■ **Exercise details**:
Take the material below and output exactly the run of lines from the one containing "Proof. by move=> mA; have" down to the one containing "Lemma pr_test_calib_setX (Ct", with both included.

::::::

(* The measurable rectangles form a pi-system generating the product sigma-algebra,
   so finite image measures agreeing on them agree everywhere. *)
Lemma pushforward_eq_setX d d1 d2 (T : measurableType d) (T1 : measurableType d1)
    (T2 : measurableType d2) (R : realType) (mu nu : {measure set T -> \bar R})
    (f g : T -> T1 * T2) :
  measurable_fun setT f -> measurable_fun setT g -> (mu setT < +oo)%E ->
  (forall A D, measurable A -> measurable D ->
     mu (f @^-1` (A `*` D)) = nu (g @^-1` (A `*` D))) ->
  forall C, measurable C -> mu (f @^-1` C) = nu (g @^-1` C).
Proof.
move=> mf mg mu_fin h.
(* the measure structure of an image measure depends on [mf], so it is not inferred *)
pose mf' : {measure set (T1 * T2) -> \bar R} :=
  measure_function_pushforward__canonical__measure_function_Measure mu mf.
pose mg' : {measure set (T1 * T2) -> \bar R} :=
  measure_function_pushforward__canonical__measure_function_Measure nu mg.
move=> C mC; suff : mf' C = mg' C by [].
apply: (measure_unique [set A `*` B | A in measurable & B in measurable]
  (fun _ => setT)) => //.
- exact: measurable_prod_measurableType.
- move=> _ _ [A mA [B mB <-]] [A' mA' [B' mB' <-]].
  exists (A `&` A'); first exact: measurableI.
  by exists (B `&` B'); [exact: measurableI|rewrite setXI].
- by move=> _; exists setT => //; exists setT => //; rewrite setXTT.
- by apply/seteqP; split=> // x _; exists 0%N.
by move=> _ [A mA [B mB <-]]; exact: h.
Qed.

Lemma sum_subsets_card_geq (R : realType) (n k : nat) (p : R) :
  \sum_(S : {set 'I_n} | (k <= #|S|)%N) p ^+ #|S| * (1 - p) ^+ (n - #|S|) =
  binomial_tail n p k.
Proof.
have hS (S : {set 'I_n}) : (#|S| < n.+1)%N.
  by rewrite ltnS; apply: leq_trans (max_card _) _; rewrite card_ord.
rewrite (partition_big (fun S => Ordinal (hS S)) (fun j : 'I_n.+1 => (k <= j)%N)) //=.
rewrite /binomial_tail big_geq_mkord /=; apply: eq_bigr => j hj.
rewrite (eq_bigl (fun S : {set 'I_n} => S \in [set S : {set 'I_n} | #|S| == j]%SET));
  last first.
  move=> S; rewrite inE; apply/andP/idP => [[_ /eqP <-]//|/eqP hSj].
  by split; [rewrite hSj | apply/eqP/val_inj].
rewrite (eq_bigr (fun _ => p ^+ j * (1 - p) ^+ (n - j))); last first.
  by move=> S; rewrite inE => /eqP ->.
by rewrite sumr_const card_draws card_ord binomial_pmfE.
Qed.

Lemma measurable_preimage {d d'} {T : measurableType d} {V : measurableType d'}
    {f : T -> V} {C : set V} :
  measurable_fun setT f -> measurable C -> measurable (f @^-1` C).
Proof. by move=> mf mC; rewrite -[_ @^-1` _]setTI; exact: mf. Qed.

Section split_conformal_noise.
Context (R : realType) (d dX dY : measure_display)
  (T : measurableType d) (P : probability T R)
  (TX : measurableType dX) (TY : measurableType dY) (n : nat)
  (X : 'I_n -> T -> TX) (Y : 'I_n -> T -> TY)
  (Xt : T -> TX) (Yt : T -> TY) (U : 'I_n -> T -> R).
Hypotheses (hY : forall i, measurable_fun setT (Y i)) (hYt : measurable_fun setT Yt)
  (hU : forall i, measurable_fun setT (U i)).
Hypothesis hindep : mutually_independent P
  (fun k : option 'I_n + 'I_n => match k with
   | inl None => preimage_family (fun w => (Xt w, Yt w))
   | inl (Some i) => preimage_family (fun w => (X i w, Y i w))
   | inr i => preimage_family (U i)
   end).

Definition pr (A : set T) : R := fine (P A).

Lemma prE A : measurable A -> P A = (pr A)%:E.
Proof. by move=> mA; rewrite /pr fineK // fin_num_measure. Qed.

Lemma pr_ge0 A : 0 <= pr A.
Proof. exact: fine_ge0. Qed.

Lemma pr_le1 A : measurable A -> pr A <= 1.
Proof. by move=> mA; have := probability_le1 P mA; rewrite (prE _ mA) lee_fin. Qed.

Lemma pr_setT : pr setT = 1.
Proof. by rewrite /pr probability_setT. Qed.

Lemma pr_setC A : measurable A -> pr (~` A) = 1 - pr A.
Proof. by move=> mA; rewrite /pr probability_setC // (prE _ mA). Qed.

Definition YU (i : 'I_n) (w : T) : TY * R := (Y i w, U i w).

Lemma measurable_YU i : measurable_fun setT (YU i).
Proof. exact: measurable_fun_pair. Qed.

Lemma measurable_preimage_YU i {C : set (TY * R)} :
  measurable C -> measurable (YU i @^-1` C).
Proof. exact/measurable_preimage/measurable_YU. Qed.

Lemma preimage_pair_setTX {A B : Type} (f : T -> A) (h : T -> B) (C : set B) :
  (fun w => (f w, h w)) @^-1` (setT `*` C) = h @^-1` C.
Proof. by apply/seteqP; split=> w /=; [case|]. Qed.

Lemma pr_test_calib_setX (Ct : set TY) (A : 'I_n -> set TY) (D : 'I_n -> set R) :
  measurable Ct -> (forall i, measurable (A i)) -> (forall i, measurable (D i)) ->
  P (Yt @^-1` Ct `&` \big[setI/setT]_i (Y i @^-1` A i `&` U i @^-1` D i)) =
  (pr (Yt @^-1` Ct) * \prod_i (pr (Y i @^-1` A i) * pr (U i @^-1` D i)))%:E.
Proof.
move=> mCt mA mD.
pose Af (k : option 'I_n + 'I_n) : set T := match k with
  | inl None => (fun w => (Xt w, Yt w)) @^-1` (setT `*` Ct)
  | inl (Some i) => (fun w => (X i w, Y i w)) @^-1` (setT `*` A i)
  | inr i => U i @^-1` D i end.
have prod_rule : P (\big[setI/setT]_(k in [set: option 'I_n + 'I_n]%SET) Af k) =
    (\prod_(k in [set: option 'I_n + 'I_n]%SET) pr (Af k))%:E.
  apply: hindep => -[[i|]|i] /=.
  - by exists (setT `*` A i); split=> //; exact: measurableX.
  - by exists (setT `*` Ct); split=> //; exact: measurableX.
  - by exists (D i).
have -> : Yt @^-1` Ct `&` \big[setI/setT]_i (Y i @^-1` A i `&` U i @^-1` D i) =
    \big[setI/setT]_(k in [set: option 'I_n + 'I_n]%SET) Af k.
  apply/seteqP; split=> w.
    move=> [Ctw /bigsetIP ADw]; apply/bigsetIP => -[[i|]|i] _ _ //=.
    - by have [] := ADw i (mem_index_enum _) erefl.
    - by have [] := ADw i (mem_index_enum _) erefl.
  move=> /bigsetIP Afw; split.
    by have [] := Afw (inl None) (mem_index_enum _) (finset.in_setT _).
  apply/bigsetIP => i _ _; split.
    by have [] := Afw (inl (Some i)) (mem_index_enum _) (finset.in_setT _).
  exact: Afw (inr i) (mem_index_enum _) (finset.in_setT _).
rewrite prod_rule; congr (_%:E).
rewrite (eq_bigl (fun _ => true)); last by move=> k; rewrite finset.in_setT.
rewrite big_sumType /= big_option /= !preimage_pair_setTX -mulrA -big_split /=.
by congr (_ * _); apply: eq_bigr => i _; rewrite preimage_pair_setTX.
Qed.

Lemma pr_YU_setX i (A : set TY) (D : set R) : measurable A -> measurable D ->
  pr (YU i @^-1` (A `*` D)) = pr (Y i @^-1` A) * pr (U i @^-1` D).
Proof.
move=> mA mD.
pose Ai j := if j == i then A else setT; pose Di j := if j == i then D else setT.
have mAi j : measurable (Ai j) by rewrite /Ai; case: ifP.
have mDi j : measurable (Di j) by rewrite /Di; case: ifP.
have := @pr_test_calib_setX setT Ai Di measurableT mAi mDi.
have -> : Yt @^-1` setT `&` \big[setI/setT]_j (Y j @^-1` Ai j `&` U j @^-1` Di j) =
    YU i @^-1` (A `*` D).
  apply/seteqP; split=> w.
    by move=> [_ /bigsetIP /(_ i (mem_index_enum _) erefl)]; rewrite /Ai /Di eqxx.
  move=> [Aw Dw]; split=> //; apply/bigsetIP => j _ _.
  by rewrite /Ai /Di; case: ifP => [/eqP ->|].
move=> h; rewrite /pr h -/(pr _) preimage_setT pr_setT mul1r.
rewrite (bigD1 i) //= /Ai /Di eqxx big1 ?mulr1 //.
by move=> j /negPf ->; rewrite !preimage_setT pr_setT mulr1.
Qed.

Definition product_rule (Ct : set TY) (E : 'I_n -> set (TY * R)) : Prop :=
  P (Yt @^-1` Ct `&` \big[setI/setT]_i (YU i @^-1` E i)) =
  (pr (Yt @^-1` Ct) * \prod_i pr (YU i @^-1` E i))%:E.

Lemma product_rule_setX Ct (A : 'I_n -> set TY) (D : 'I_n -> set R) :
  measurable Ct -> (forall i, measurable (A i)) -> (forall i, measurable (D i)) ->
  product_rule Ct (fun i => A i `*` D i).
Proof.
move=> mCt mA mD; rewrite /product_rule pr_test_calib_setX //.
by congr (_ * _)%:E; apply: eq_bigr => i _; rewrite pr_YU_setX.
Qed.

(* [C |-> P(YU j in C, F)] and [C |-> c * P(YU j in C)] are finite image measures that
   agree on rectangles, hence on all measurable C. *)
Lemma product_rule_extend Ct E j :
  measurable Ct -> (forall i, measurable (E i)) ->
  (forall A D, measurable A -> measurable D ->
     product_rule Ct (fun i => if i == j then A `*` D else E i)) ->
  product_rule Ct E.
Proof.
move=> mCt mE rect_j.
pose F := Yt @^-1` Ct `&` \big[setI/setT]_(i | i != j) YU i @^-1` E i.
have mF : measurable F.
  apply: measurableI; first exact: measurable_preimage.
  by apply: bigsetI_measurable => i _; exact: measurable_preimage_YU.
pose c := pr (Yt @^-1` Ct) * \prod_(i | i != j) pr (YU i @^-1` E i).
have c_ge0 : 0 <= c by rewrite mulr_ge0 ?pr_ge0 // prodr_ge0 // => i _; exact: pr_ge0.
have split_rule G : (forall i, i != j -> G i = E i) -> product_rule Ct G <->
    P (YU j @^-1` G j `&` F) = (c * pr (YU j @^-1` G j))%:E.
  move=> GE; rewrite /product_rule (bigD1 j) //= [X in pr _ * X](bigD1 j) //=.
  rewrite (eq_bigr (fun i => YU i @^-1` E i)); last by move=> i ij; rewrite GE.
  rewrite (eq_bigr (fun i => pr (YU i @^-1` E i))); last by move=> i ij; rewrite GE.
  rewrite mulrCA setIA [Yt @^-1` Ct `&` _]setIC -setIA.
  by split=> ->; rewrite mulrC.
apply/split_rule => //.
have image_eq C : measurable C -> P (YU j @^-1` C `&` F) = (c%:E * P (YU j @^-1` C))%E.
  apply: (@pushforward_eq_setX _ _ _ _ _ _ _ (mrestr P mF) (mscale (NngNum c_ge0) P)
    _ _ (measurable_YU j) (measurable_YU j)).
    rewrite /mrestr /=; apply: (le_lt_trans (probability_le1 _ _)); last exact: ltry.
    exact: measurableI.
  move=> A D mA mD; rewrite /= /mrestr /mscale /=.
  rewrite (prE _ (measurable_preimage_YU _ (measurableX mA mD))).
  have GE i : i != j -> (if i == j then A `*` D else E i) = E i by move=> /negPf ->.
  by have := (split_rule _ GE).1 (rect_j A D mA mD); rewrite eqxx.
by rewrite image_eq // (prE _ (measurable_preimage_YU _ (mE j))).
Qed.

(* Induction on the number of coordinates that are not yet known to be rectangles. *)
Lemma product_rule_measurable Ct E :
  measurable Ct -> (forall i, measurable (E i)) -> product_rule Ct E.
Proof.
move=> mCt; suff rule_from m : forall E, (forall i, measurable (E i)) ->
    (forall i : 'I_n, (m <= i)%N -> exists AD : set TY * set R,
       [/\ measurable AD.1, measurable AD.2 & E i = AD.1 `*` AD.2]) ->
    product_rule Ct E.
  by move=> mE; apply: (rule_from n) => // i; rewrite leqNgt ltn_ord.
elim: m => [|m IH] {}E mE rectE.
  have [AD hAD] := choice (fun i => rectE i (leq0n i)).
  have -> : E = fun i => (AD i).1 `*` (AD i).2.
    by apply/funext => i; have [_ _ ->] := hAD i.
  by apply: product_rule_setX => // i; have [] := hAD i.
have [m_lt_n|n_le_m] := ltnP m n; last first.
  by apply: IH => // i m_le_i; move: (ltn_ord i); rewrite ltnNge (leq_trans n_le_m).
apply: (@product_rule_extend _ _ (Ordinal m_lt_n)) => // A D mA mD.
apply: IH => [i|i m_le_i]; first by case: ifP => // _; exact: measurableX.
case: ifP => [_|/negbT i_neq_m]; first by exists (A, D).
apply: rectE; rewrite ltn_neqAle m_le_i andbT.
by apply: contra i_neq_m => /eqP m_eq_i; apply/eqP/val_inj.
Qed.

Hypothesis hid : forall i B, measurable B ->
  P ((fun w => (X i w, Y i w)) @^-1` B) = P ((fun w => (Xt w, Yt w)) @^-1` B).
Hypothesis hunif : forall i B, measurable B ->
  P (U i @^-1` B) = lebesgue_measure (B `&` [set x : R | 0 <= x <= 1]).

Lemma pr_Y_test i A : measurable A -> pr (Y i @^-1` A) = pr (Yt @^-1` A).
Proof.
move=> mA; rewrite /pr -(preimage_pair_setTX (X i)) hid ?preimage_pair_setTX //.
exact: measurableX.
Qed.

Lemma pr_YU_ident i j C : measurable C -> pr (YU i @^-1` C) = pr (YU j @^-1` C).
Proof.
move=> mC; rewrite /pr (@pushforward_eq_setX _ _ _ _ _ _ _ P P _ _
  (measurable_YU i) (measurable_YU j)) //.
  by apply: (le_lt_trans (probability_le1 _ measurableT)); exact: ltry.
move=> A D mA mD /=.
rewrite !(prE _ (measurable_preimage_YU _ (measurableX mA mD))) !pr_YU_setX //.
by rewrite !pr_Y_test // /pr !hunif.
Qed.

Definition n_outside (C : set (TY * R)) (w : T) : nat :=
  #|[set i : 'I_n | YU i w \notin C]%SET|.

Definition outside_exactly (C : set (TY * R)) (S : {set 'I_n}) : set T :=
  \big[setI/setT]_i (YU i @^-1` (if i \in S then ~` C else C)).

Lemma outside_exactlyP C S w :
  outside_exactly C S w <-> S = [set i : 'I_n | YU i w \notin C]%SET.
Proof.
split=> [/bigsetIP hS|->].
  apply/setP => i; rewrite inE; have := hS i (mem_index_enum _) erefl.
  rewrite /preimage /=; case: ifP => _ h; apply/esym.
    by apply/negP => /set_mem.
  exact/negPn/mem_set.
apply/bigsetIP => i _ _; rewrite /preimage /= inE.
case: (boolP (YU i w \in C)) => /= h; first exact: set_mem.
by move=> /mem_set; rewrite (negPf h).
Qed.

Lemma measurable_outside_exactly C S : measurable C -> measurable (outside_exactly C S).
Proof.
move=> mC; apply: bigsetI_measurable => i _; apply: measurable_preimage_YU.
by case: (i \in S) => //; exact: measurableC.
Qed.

::::::

■ **Exercise result**:
Proof. by move=> mA; have := probability_le1 P mA; rewrite (prE _ mA) lee_fin. Qed.

Lemma pr_setT : pr setT = 1.
Proof. by rewrite /pr probability_setT. Qed.

Lemma pr_setC A : measurable A -> pr (~` A) = 1 - pr A.
Proof. by move=> mA; rewrite /pr probability_setC // (prE _ mA). Qed.

Definition YU (i : 'I_n) (w : T) : TY * R := (Y i w, U i w).

Lemma measurable_YU i : measurable_fun setT (YU i).
Proof. exact: measurable_fun_pair. Qed.

Lemma measurable_preimage_YU i {C : set (TY * R)} :
  measurable C -> measurable (YU i @^-1` C).
Proof. exact/measurable_preimage/measurable_YU. Qed.

Lemma preimage_pair_setTX {A B : Type} (f : T -> A) (h : T -> B) (C : set B) :
  (fun w => (f w, h w)) @^-1` (setT `*` C) = h @^-1` C.
Proof. by apply/seteqP; split=> w /=; [case|]. Qed.

Lemma pr_test_calib_setX (Ct : set TY) (A : 'I_n -> set TY) (D : 'I_n -> set R) :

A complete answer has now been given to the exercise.